Some have put the blame on the convoluted regulatory landscape that requires a provider team up with a bank. In written responses to questions, Finmark Trust, which promotes financial inclusion of the poor, agrees that regulation is a factor, but adds that the availability of more sophisticated services is also an inhibitor.

"The existing financial infrastructure (sophisticated banking system), including bricks and mortar banks, ATMs, POS, retailer money transfers, etc., has reduced the need for mobile money solutions."

Can banks reach the poor?

It noted that the low use of even mobile banking among lower LSM classes is clear evidence that 'that technology does not effectively reach this market'.

Yet, the picture isn't entirely gloomy. The Finscope 2014 banking survey revealed financially included adults in SA have grown from 17.7 million in 2004 to 31.4 in 2014. People who rely solely on informal financial systems have dropped by nearly a million in that same period. That said, between 2013 and 2014, formal inclusion rates virtually stalled, while informal rates grew.

Despite strong pressure from government, the big banks have struggled to meet the needs of the ten million 'unbanked' South Africans.

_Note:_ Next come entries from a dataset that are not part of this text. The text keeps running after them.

(* Let $\mathbf X\in\mathbb R^n$ be a random vector with $\|\mathbf X\|_\infty\le1$ and $\|\mathbf X\|_1\le s$ almost surely, with mean $\boldsymbol\mu^*$ and covariance matrix $\boldsymbol\Sigma^*$, and let $\nu^*_i=\mathbb E|X_i|$. Let $\mathcal A$ be a family of subsets of $[n]$ and $m=\max\{|A|:A\in\mathcal A\}$. Then for every $A\in\mathcal A$ and every $i\in[n]$, $$\sum_{j\in A}0\vee\Sigma^*_{ij}\le 2\nu^*_i(s\wedge m).$$
   Context: $\boldsymbol\Sigma^*=\mathbb E[(\mathbf X-\boldsymbol\mu^* )(\mathbf X-\boldsymbol\mu^* )^{\mathsf T}]$; $a\vee b=\max(a,b)$, $a\wedge b=\min(a,b)$. *)

From mathcomp Require Import all_boot all_order all_algebra.
From mathcomp Require Import all_classical all_reals all_analysis.

From mathcomp Require Import all_boot all_order all_algebra.
From mathcomp Require Import all_classical all_reals all_analysis.
From mathcomp Require Import ess_sup_inf measurable_realfun.
Set Implicit Arguments.
Unset Strict Implicit.
Unset Printing Implicit Defensive.

Import Order.TTheory GRing.Theory Num.Theory.
Local Open Scope ring_scope.

(* Since X_i - mu_i has mean zero, Sigma_ij = E[(X_i - mu_i) X_j]. Summing over
   the j in A with Sigma_ij >= 0 gives E[(X_i - mu_i) S], where S is the sum of
   those X_j, and almost surely |S| <= min(s, #|A|) <= min(s, m). Hence the sum
   is at most min(s, m) E|X_i - mu_i| <= 2 min(s, m) nu_i, as |mu_i| <= nu_i. *)

Lemma ler_norm_sum_min (R : realDomainType) (I : finType) (x : I -> R)
    (B : {pred I}) (s : R) :
  (forall i, `|x i| <= 1) -> \sum_i `|x i| <= s ->
  `|\sum_(i in B) x i| <= Order.min s #|B|%:R.
Proof.
move=> x_le1 sum_le_s; apply: le_trans (ler_norm_sum _ _ _) _.
rewrite le_min; apply/andP; split.
  apply: le_trans sum_le_s; rewrite [leRHS](bigID (mem B)) /= lerDl.
  by apply: sumr_ge0 => i _.
by rewrite -sum1_card natr_sum ler_sum.
Qed.

Section bounded_covariance.
Context d (T : measurableType d) (R : realType) (P : probability T R).
Local Open Scope ereal_scope.

Definition centered (X : T -> R) : T -> R := (X \- cst (fine 'E_P[X]))%R.

Lemma ae_exists (Q : T -> Prop) : {ae P, forall w, Q w} -> exists w, Q w.
Proof.
case=> N [mN PN notQN]; apply: contrapT => noQ.
have NT : N = setT.
  by apply/seteqP; split => // w _; apply: notQN => Qw; apply: noQ; exists w.
by move: PN; rewrite NT probability_setT => /eqP; rewrite eqe oner_eq0.
Qed.

Lemma Lfun_ae_bounded (p : \bar R) (f : T -> R) (M : R) : 1 <= p ->
  measurable_fun setT f -> {ae P, forall w, `|f w| <= M}%R -> f \in Lfun P p.
Proof.
move=> p1 mf fM.
apply: (Lfun_subset p1 (leey _) (fin_num_measure P _ measurableT) (leey p)).
rewrite inE; apply/andP; split; first by rewrite inE.
rewrite inE /finite_norm Lnorm.unlock /=; case: ifPn => _ //.
apply: (@le_lt_trans _ _ M%:E); last exact: ltry.
by apply/ess_supP; apply: filterS fM => w /=; rewrite lee_fin.
Qed.

Lemma abse_expectation_le (X : T -> R) : measurable_fun setT X ->
  `|'E_P[X]| <= 'E_P[fun w => `|X w|%R].
Proof.
move=> mX; rewrite !unlock; under [leRHS]eq_integral do rewrite -abse_EFin.
by apply: le_abse_integral => //; exact/measurable_EFinP.
Qed.

Lemma covariance_sumr (X : T -> R) (I : Type) (r : seq I) (p : pred I)
    (Y : I -> T -> R) : X \in Lfun P 2%:E -> (forall i, Y i \in Lfun P 2%:E) ->
  covariance P X (\sum_(i <- r | p i) Y i) =
  \sum_(i <- r | p i) covariance P X (Y i).
Proof.
move=> X2 Y2; elim: r => [|j r IH]; first by rewrite !big_nil covariance_cst_r.
rewrite !big_cons; case: ifP => // _.
rewrite (covarianceDr X2 (Y2 j)) ?IH ?rpred_sum ?lee1n // => _ i _; exact: Y2.
Qed.

Lemma covariance_centeredE (X Y : T -> R) :
    X \in Lfun P 2%:E -> Y \in Lfun P 2%:E ->
  covariance P X Y = 'E_P[(centered X \* Y)%R].
Proof.
move=> X2 Y2.
have Pfin := fin_num_measure P _ measurableT.
have X1 := Lfun_subset12 Pfin X2; have Y1 := Lfun_subset12 Pfin Y2.
set Xc := centered X.
have Xc2 : Xc \in Lfun P 2%:E by rewrite rpredB ?lee1n // => *; exact: Lfun_cst.
have Xc1 := Lfun_subset12 Pfin Xc2.
have EXc0 : 'E_P[Xc] = 0.
  rewrite expectationB ?Lfun_cst // expectation_cst.
  by rewrite fineK ?expectation_fin_num // subee // expectation_fin_num.
rewrite -[LHS]sube0 -(covariance_cst_l P (fine 'E_P[X]) Y).
rewrite -covarianceBl ?Lfun_cst // covarianceE ?Lfun2_mul_Lfun1 //.
by rewrite EXc0 mul0e sube0.
Qed.

Lemma expectation_norm_centered_le (X : T -> R) : X \in Lfun P 1 ->
  'E_P[fun w => `|centered X w|%R] <= 2%:E * 'E_P[fun w => `|X w|%R].
Proof.
move=> X1; set mu := fine 'E_P[X].
have mX : measurable_fun setT X by case/andP: X1; rewrite inE.
have mu_le : `|mu|%:E <= 'E_P[fun w => `|X w|%R].
  by rewrite /mu -abse_EFin fineK ?expectation_fin_num // abse_expectation_le.
apply: (@le_trans _ _ 'E_P[fun w => (`|X w| + `|mu|)%R]).
  apply: expectation_le.
  - by apply: measurableT_comp => //; apply: measurable_funB.
  - by apply: measurable_funD => //; exact: measurableT_comp.
  - by [].
  - by move=> w; rewrite addr_ge0.
  - by apply: aeW => w; rewrite /centered /= ler_normB.
rewrite expectationD ?Lfun_norm ?Lfun_cst // expectation_cst.
rewrite (_ : 2%:E = 1 + 1) // muleDl ?mul1e ?leeD2l //.
by rewrite expectation_fin_num ?Lfun_norm.
Qed.

Lemma covariance_le_ae_bounded (X Y : T -> R) (K : R) :
    X \in Lfun P 2%:E -> Y \in Lfun P 2%:E ->
    {ae P, forall w, `|Y w| <= K}%R ->
  covariance P X Y <= 2%:E * 'E_P[fun w => `|X w|%R] * K%:E.
Proof.
move=> X2 Y2 YK.
have [w0 /(le_trans (normr_ge0 _)) K0] := ae_exists YK.
have X1 := Lfun_subset12 (fin_num_measure P _ measurableT) X2.
have mX : measurable_fun setT X by case/andP: X1; rewrite inE.
have mY : measurable_fun setT Y by case/andP: Y2; rewrite inE.
set Xc := centered X.
have mXc : measurable_fun setT Xc by apply: measurable_funB.
rewrite covariance_centeredE //.
apply: (@le_trans _ _ 'E_P[fun w => `|Xc w * Y w|%R]).
  apply: le_trans (lee_abs _) _.
  by apply: abse_expectation_le; exact: measurable_funM.
apply: (@le_trans _ _ 'E_P[(K \o* (fun w => `|Xc w|))%R]).
  apply: expectation_le => //.
  - by apply: measurableT_comp => //; apply: measurable_funM.
  - by apply: measurable_funM => //; apply: measurableT_comp.
  - by move=> w /=; rewrite mulr_ge0.
  - by apply: filterS YK => w /= YwK; rewrite normrM ler_wpM2l.
have Xc1 : Xc \in Lfun P 1 by rewrite rpredB ?lexx // => *; exact: Lfun_cst.
rewrite (expectationZl K (Lfun_norm Xc1)) muleC.
by rewrite lee_wpmul2r ?lee_fin // expectation_norm_centered_le.
Qed.

End bounded_covariance.

Theorem lemma1 (d : measure_display) (T : measurableType d) (R : realType)
  (P : probability T R) (n : nat) (X : 'I_n -> {RV P >-> R}) (s : R)
  (hinf : {ae P, forall w, forall i : 'I_n, `|X i w| <= 1})
  (hone : {ae P, forall w, \sum_(i < n) `|X i w| <= s})
  (fam : {set {set 'I_n}}) :
  let m := (\max_(B in fam) #|B|)%N in
  forall (A : {set 'I_n}), A \in fam -> forall i : 'I_n,
  (\sum_(j in A) maxe 0%E (covariance P (X i) (X j))
     <= 2%:E * 'E_P[fun w => (`|X i w|)%R] * (Order.min s m%:R)%R%:E)%E.
Proof.
move=> m A Am i.
have X2 j : (X j : T -> R) \in Lfun P 2%:E.
  apply: (Lfun_ae_bounded (lee1n 2) (measurable_funPT (X j))).
  by apply: filterS hinf => w; apply.
pose c j := covariance P (X i) (X j).
pose Apos := [pred j | (j \in A) && (0 <= c j)%E].
have -> : (\sum_(j in A) maxe 0 (c j) = \sum_(j in Apos) c j)%E.
  rewrite big_mkcondr; apply: eq_bigr => j _.
  by case: leP => [/max_r | /ltW/max_l].
rewrite -covariance_sumr //.
apply: covariance_le_ae_bounded => //.
  by rewrite rpred_sum ?lee1n // => *; exact: X2.
apply: filterS2 hinf hone => w X_le1 sum_le_s; rewrite fct_sumE.
apply: le_trans (ler_norm_sum_min Apos X_le1 sum_le_s) _.
rewrite le_min2 // ler_nat (leq_trans _ (leq_bigmax_cond _ Am)) //.
by apply: subset_leq_card; apply/fintype.subsetP => j /andP[].
Qed.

Successful solutions, says Chris Wood, head of emerging payments, strategy and regulation at Nedbank, will not provide typical banking services, but rather deliver new facilities, such as mobile payments and transfers, which provide value to people's lives.

Technology is not a silver bullet. Although new platforms have given banks some agility, the real barriers appear to be cultural, typified by poor communication and a lack of real product innovation. It seems South African banks are mainly benefitting from implementing strategies in other markets, such as apps and smart devices, and failing to properly localise other success stories like mobile money. The fault is not entirely theirs, but it does suggest a remedy beyond simply switching technology.